I'm looking for the equivalent of the following C99 code:
void go(int n) {
int array[n];
// ...
}
It is not possible directly, as in there is not direct syntax in the language supporting it.
That being said, this particular feature of C99 is debatable, it has certain advantages (cache locality & bypassing malloc) but it also has disadvantages (easy to blow-up the stack, stumps a number of optimizations, may turn static offsets into dynamic offsets, ...).

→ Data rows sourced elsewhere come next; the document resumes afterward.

Theorem mainTheorem6
  (w dw : R -> R) (k0 : R)
  (Hk0 : 0 < k0)
  (Hw : forall x, derivable_pt_lim w x (dw x))
  (Hdw : continuity dw)
  (Hlimm : lim_minus_infty w k0)
  (Hlimp : lim_plus_infty w (- k0))
  (Hshort : short_range (potV w dw k0))
  (phi1L phi2L phi1R phi2R : R -> R -> Cplx)
  (M11 M12 M21 M22 : R -> Cplx)
  (HM : forall k, k <> 0 ->
     transfer_matrix_at (potV w dw k0) k phi1L phi2L phi1R phi2R M11 M12 M21 M22)
  (HM11 : exists d11 : Cplx, Cderiv_lim M11 k0 d11)
  (d22 : Cplx) (HM22 : Cderiv_lim M22 k0 d22) :
  M11 k0 = Cmul (RtoC (2 * k0)) (Cconj d22) /\
  (M11 k0 = C0 <-> d22 = C0) /\
  (M11 k0 = C0 <-> (M22 k0 = C0 /\ d22 = C0)).
Proof.
  destruct HM11 as [d11 HM11].
  assert (Hfactor : forall t, k0 - k0 < t < k0 + k0 ->
    M22 t = Cmul (RtoC ((t - k0) / (t + k0))) (Cconj (M11 t))).
  { intros t Ht; apply (Cmul_reg_l (RtoC (t + k0))); [Cunfold; intro E; injection E; lra|].
    rewrite (transfer_matrix_conj_identity w dw k0 t Hw Hlimm Hlimp Hshort
      phi1L phi2L phi1R phi2R M11 M12 M21 M22 ltac:(lra) (HM t ltac:(lra))).
    Cfield; lra. }
  assert (Hd22 : d22 = Cmul (RtoC (/ (2 * k0))) (Cconj (M11 k0))).
  { apply (Cderiv_lim_unique M22 k0 _ _ HM22).
    apply (Cderiv_lim_vanishing_factor _ (fun t => Cconj (M11 t)) _ _ _ (Cconj d11) k0 Hk0 Hfactor).
    - field; lra.
    - apply derivable_pt_lim_cayley; lra.
    - now apply Cderiv_lim_conj. }
  assert (H22 : M22 k0 = C0) by (rewrite Hfactor by lra; Cfield; lra).
  assert (H11 : M11 k0 = Cmul (RtoC (2 * k0)) (Cconj d22)) by (rewrite Hd22; Cfield; lra).
  assert (Hiff : M11 k0 = C0 <-> d22 = C0).
  { split; intro E; [rewrite Hd22, E | rewrite H11, E]; Cring. }
  rewrite H22; tauto.
Qed.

For now, I would advise you to use Vec instead. If you have performance issues, then you may look into the so-called "Small Vector Optimization". I have regularly seen the following pattern in C code where performance is required:
SomeType array[64] = {};
SomeType* pointer, *dynamic_pointer;
if (n <= 64) {
pointer = array;
} else {
pointer = dynamic_pointer = malloc(sizeof(SomeType) * n);
}
// ...
if (dynamic_pointer) { free(dynamic_pointer); }
Now, this is something that Rust supports easily (and better, in a way):
enum InlineVector<T, const N: usize> {
Inline(usize, [T; N]),
Dynamic(Vec<T>),
}
You can see an example simplistic implementation below.

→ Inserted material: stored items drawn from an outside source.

(* Let $X\ni x$ be a smooth surface germ and let $g:X_n\to X_{n-1}\to\cdots\to X_1\to X_0:=X$ be a sequence of blow-ups with the data $(f_i,F_i,x_i\in X_i)$ whose dual graph $\mathcal{DG}$ (the dual graph of the composite morphism $X_n\to X$) is a chain. Let $n_3$ be the largest integer with $n_3\le n$ such that $x_i\in F_i\setminus F_{i-1}$ for all $1\le i\le n_3-1$, where $F_0:=\emptyset$. Index the vertices of $\mathcal{DG}$ as $\{E_j\}_{-n_1\le j\le n_2}$ so that $E_0:=F_n$ (the only $g$-exceptional $(-1)$-curve on $X_n$), $E_{n_2}:=F_1$, and $E_j$ is adjacent to $E_{j+1}$ for $-n_1\le j\le n_2-1$. Let $w_j:=-E_j\cdot E_j$, $W_1:=\sum_{j<0}w_j$ and $W_2:=\sum_{j>0}w_j$. Then $$(W_1-n_1)+n_3-1=W_2-n_2.$$ In particular, $n=n_1+n_2+1\le n_3+\min\{W_1,W_2\}$.
   Context: Work over an algebraically closed field. A sequence of blow-ups $X_n\to\cdots\to X_0:=X$ with the data $(f_i,F_i,x_i\in X_i)$ means: for $1\le i\le n$, $f_i:X_i\to X_{i-1}$ is the blow-up at a closed point $x_{i-1}\in X_{i-1}$ with exceptional curve $F_i$, where $x_0:=x$, and $x_i\in F_i$ for $1\le i\le n-1$; strict transforms of $F_i$ on later $X_j$ are again denoted $F_i$. The dual graph has the $n$ exceptional curves $F_1,\dots,F_n$ on $X_n$ as vertices, weights $-F_i\cdot F_i$, and edges given by intersection numbers; a chain is a path (tree without vertices of degree $\ge3$). In this situation $F_1$ is an end vertex of the chain. *)

(* Combinatorial model of a sequence of point blow-ups of a
   smooth surface germ, tracking the weighted dual graph of F_1,...,F_k. *)
From mathcomp Require Import all_boot all_algebra.
Set Implicit Arguments. Unset Strict Implicit. Unset Printing Implicit Defensive.

(* A weighted dual graph on vertices 1..k:
   .1 v = weight -F_v.F_v, .2 u v = true iff F_u . F_v = 1 (u <> v). *)
Definition dgraph := ((nat -> nat) * (nat -> nat -> bool))%type.

(* Blow-up number k+1 (f_{k+1}: X_{k+1} -> X_k) at x_k.
   For k = 0, x_0 lies on no exceptional curve.  For k >= 1, x_k lies on F_k
   and, if o = Some j, also on F_j (then x_k = F_k cap F_j); if o = None, x_k
   lies on no F_j with j <> k.  Strict transforms of curves through x_k get
   weight +1, their mutual intersection (transversal, one point) disappears,
   and the new curve F_{k+1} (weight 1) meets exactly the curves through x_k. *)
Definition blowup (st : dgraph) (k : nat) (o : option nat) : dgraph :=
  let on v := (0 < k) && ((v == k) || (o == Some v)) in
  (fun v => if v == k.+1 then 1 else st.1 v + on v,
   fun u v => if u == k.+1 then on v && (v != k.+1)
              else if v == k.+1 then on u
              else st.2 u v && ~~ (on u && on v)).

(* Dual graph of X_k -> X; c i describes the position of x_i (1 <= i). *)
Fixpoint dg (c : nat -> option nat) (k : nat) : dgraph :=
  match k with
  | 0 => (fun _ => 0, fun _ _ => false)
  | k'.+1 => blowup (dg c k') k' (c k')
  end.

Definition valid_seq (n : nat) (c : nat -> option nat) : Prop :=
  forall i j, 1 <= i -> i < n -> c i = Some j -> j < i /\ (dg c i).2 j i.

(* "x_i in F_i \ F_{i-1} for all 1 <= i <= m-1" (F_0 = empty). *)
Definition free_prefix (c : nat -> option nat) (m : nat) : Prop :=
  forall i, 1 <= i -> i <= m.-1 -> c i <> Some i.-1.

Definition consec (s : seq nat) (u v : nat) : bool :=
  has (fun i => ((nth 0 s i == u) && (nth 0 s i.+1 == v)) ||
                ((nth 0 s i == v) && (nth 0 s i.+1 == u)))
      (iota 0 (size s).-1).

Definition chain_order (n : nat) (g : dgraph) (s : seq nat) : Prop :=
  perm_eq s (iota 1 n) /\
  (forall u v, u \in s -> v \in s -> u != v -> g.2 u v = consec s u v).

From mathcomp Require Import all_boot all_algebra zify.
Import GRing.Theory.

(* Measure each side of F_k in the chain of X_k -> X by its excess, the sum
   of w_v - 1 over its vertices.  After the first n3 blow-ups the chain is
   F_n3, F_(n3-1), ..., F_1 with weights 1, 2, ..., 2: the left side is empty
   and the right side has excess n3 - 1.  Every later centre x_k is the
   intersection of F_k with another curve F_j: for k = n3 by maximality of
   n3, and for k > n3 because F_k already meets two curves, so a free centre
   would give it a third neighbour in a chain (chains survive blowing down).
   Blowing up x_k puts F_(k+1) between F_k and F_j and raises both weights by
   one.  Since F_k had weight 1, i.e. excess 0, it does not matter on which
   side of F_(k+1) it ends up, and both sides gain exactly 1; so
   "left excess + n3 - 1 = right excess" persists up to k = n.  The
   inequality follows since every weight but that of F_n is at least 2. *)

Lemma consec_cons x y t u v :
  consec [:: x, y & t] u v = consec [:: x; y] u v || consec (y :: t) u v.
Proof.
rewrite /consec /= (iotaDl 1 0) has_map /= orbF.
by congr (_ || _); apply: eq_has.
Qed.

Lemma consec2E x y u v :
  consec [:: x; y] u v = (x == u) && (y == v) || (x == v) && (y == u).
Proof. by rewrite /consec /= orbF. Qed.

Lemma consec_cat a b u v : consec (a ++ b) u v =
  [|| consec a u v, consec b u v
    | [&& a != [::], b != [::] & consec [:: last 0 a; head 0 b] u v]].
Proof.
elim: a => [|x a IH]; first by rewrite /= orbF.
case: a IH => [_|y a IH].
  by case: b => [|z b] //=; rewrite consec_cons orbC.
by rewrite /= consec_cons IH [consec [:: x, y & a] _ _]consec_cons -!orbA.
Qed.

Lemma consec_sym s u v : consec s u v = consec s v u.
Proof. by apply: eq_has => i; rewrite orbC. Qed.

Lemma consec_mem s u v : consec s u v -> u \in s.
Proof.
case/hasP=> i; rewrite mem_iota add0n -subn1 ltn_subRL add1n => /andP[_ lti].
by case/orP=> /andP[] => [/eqP <- _|_ /eqP <-]; rewrite mem_nth // ltnW.
Qed.

Lemma consec_infix a b u v : consec (a ++ [:: u, v & b]) u v.
Proof. by rewrite consec_cat consec_cons consec2E !eqxx orbT. Qed.

Lemma consec_neighbor a x b u : uniq (a ++ x :: b) ->
  consec (a ++ x :: b) x u ->
  a != [::] /\ u = last 0 a \/ b != [::] /\ u = head 0 b.
Proof.
rewrite cat_uniq /= => /and4P[_ /norP[xNa _] xNb _].
have xNconsec r : x \notin r -> consec r x u = false.
  by move=> xNr; apply/negP => /consec_mem; apply/negP.
have lastNx : a != [::] -> last 0 a != x.
  case/lastP: a xNa => // a' y xNa _; rewrite last_rcons.
  by apply: contraNneq xNa => <-; rewrite mem_rcons mem_head.
have headNx : b != [::] -> head 0 b != x.
  by case: b xNb => // z b' xNb _; apply: contraNneq xNb => <-; rewrite mem_head.
rewrite consec_cat -cat1s consec_cat (xNconsec a) // (xNconsec b) //=.
rewrite !consec2E !eqxx /= !andbT.
case/orP=> /andP[ne]; rewrite ?(negbTE (lastNx ne)) ?(negbTE (headNx ne)) /=.
  by rewrite andbF orbF => /eqP->; right.
by move=> /eqP->; left.
Qed.
Arguments consec_neighbor {a x b u}.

What matters, however, is that you now have a type which:
uses the stack when less than N elements are required
moves off to the heap otherwise, to avoid blowing up the stack
Of course, it also always reserves enough space for N elements on the stack even if you only use 2; however in exchange there is no call to alloca so you avoid the issue of having dynamic offsets to your variants.
And contrary to C, you still benefit from lifetime tracking so that you cannot accidentally return a reference to your stack-allocated array outside the function.
Note: prior to Rust 1.51, you wouldn't be able to customize by N.
I will show off the most "obvious" methods:
enum SmallVector<T, const N: usize> {
Inline(usize, [T; N]),
Dynamic(Vec<T>),
}
impl<T: Copy + Clone, const N: usize> SmallVector<T, N> {
fn new(v: T, n: usize) -> Self {
if n <= N {
Self::Inline(n, [v; N])
} else {
Self::Dynamic(vec![v; n])
}
}
}
impl<T, const N: usize> SmallVector<T, N> {
fn as_slice(&self) -> &[T] {
match self {
Self::Inline(n, array) => &array[0..*n],
Self::Dynamic(vec) => vec,
}
}
fn as_mut_slice(&mut self) -> &mut [T] {
match self {
Self::Inline(n, array) => &mut array[0..*n],
Self::Dynamic(vec) => vec,
}
}
}
use std::ops::{Deref, DerefMut};
impl<T, const N: usize> Deref for SmallVector<T, N> {
type Target = [T];
fn deref(&self) -> &Self::Target {
self.as_slice()
}
}
impl<T, const N: usize> DerefMut for SmallVector<T, N> {
fn deref_mut(&mut self) -> &mut Self::Target {
self.as_mut_slice()
}
}
Usage:
fn main() {
let mut v = SmallVector::new(1u32, 4);
v[2] = 3;
println!("{}: {}", v.len(), v[2])
}
Which prints 4: 3 as expected.
No.
Doing that in Rust would entail the ability to store Dynamically Sized Types (DSTs) like [i32] on the stack, which the language doesn't support.
A deeper reason is that LLVM, to my knowledge, doesn't really support this. I'm given to believe that you can do it, but it significantly interferes with optimisations. As such, I'm not aware of any near-terms plans to allow this.